[DATA SECTION Boundary: Start]
Lemma odd_class_odd_multiplicity c C : C \in upair_partition f -> odd #|C| ->
  exists t, odd #|[set x | chosen_tuple c x == t]|.
Proof.
move=> /imsetP [x0 _ ->] odd_C.
have classE : #|[set y in [set: X] | upair_rel f x0 y]| =
         #|[set y | (chosen_tuple c y == tuple_AB x0) || (chosen_tuple c y == tuple_BA x0)]|.
  by apply: eq_card => y; rewrite !inE (upair_rel_chosen c).
rewrite classE in odd_C.
have [ABBA | AB_BA] := eqVneq (tuple_AB x0) (tuple_BA x0).
  exists (tuple_AB x0); move: odd_C; congr (odd _); apply: eq_card => y.
  by rewrite !inE ABBA orbb.
rewrite (_ : [set y | _] = [set y | chosen_tuple c y == tuple_AB x0] :|:
                            [set y | chosen_tuple c y == tuple_BA x0]) in odd_C; last first.
  by apply/setP => y; rewrite !inE.
rewrite cardsU (_ : _ :&: _ = set0) ?cards0 ?subn0 ?oddD in odd_C; last first.
  by apply/setP => y; rewrite !inE; case: eqP => // ->; rewrite (negbTE AB_BA).
case odd_AB : (odd #|[set y | chosen_tuple c y == tuple_AB x0]|); first by exists (tuple_AB x0).
by exists (tuple_BA x0); rewrite odd_AB in odd_C.
Qed.

(* Mapping each class to the tuple chosen at one of its points is injective. *)
Lemma card_classes_le_support c :
  (#|upair_partition f| <= #|[set t | #|[set x | chosen_tuple c x == t]| != 0%N]|)%N.
Proof.
pose g (C : {set X}) := odflt t0 (omap (chosen_tuple c) [pick y in C]).
have gP C : C \in upair_partition f -> exists2 y, y \in C & g C = chosen_tuple c y.
  move=> /imsetP [x0 _ ->]; rewrite /g; case: pickP => [y yC|C0] /=; first by exists y.
  by have := C0 x0; rewrite !inE upair_rel_refl.
have g_inj : {in upair_partition f &, injective g}.
  move=> C1 C2 C1P C2P; have [y1 y1C ->] := gP _ C1P; have [y2 y2C ->] := gP _ C2P.
  move=> same_tuple; apply: upair_class_eq C1P C2P y1C y2C _.
  by rewrite (upair_rel_chosen c) -same_tuple /chosen_tuple; case: (c y1); rewrite eqxx ?orbT.
rewrite -(card_in_imset g_inj); apply/subset_leq_card/subsetP => _ /imsetP [C CP ->].
have [y yC ->] := gP _ CP; rewrite inE -lt0n; apply/card_gt0P; exists y; by rewrite inE.
Qed.

End PairProduct.

Definition parity_weight (X : finType) (Q : {set {set X}}) : R :=
  if [forall C in Q, ~~ odd #|C|] then p ^+ #|Q| else 0.

(* On sequences of length k the tensor T is the entry of the corresponding
   tuple (t0 is only a default value). *)
Lemma tensorT_entry (t0 : k.-tuple 'I_n) w (s : seq 'I_n) : size s == k ->
  tensorT R n k w s = entry w (insubd t0 s).
Proof.
by move=> size_s; rewrite /tensorT /insubd /entry /entry_value; case: insubP => //=; rewrite size_s.
Qed.

Section PairProductExpectation.
Variables (X : finType) (f : X -> seq 'I_n * seq 'I_n) (h : nat) (t0 : k.-tuple 'I_n).
Hypothesis hk : (h + h)%N = k.
Hypothesis size_f : forall x, size (f x).1 = h /\ size (f x).2 = h.

Lemma Sphi_product_expansion w :
  \prod_x Sphi R n k w (f x).1 (f x).2 =
  \sum_(c : {ffun X -> bool}) (2^-1 ^+ #|X| * \prod_x entry w (chosen_tuple f t0 c x)).
Proof.
have size_cat a b : size a = h -> size b = h -> size (a ++ b) == k.
  by move=> sa sb; rewrite size_cat sa sb hk.
have Sphi_avg x : Sphi R n k w (f x).1 (f x).2 =
    \sum_(b : bool) (2^-1 * entry w (if b then tuple_AB f t0 x else tuple_BA f t0 x)).
  have [sa sb] := size_f x.
  rewrite big_bool /Sphi /Mphi /= !(tensorT_entry t0 w) ?size_cat //.
  by rewrite mulrDl !(mulrC _ 2^-1).
under eq_bigr => x _ do rewrite Sphi_avg.
rewrite bigA_distr_bigA; apply: eq_bigr => c _.
by rewrite big_split prodr_const /chosen_tuple.
Qed.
[DATA SECTION Boundary: End]
# DIRECTIONS:
Which lines above carry the string "apply"? Copy those lines.

# RESULT FOR THIS TASK:
  by apply: eq_card => y; rewrite !inE (upair_rel_chosen c).
  exists (tuple_AB x0); move: odd_C; congr (odd _); apply: eq_card => y.
  by apply/setP => y; rewrite !inE.
  by apply/setP => y; rewrite !inE; case: eqP => // ->; rewrite (negbTE AB_BA).
  move=> same_tuple; apply: upair_class_eq C1P C2P y1C y2C _.
rewrite -(card_in_imset g_inj); apply/subset_leq_card/subsetP => _ /imsetP [C CP ->].
have [y yC ->] := gP _ CP; rewrite inE -lt0n; apply/card_gt0P; exists y; by rewrite inE.
rewrite bigA_distr_bigA; apply: eq_bigr => c _.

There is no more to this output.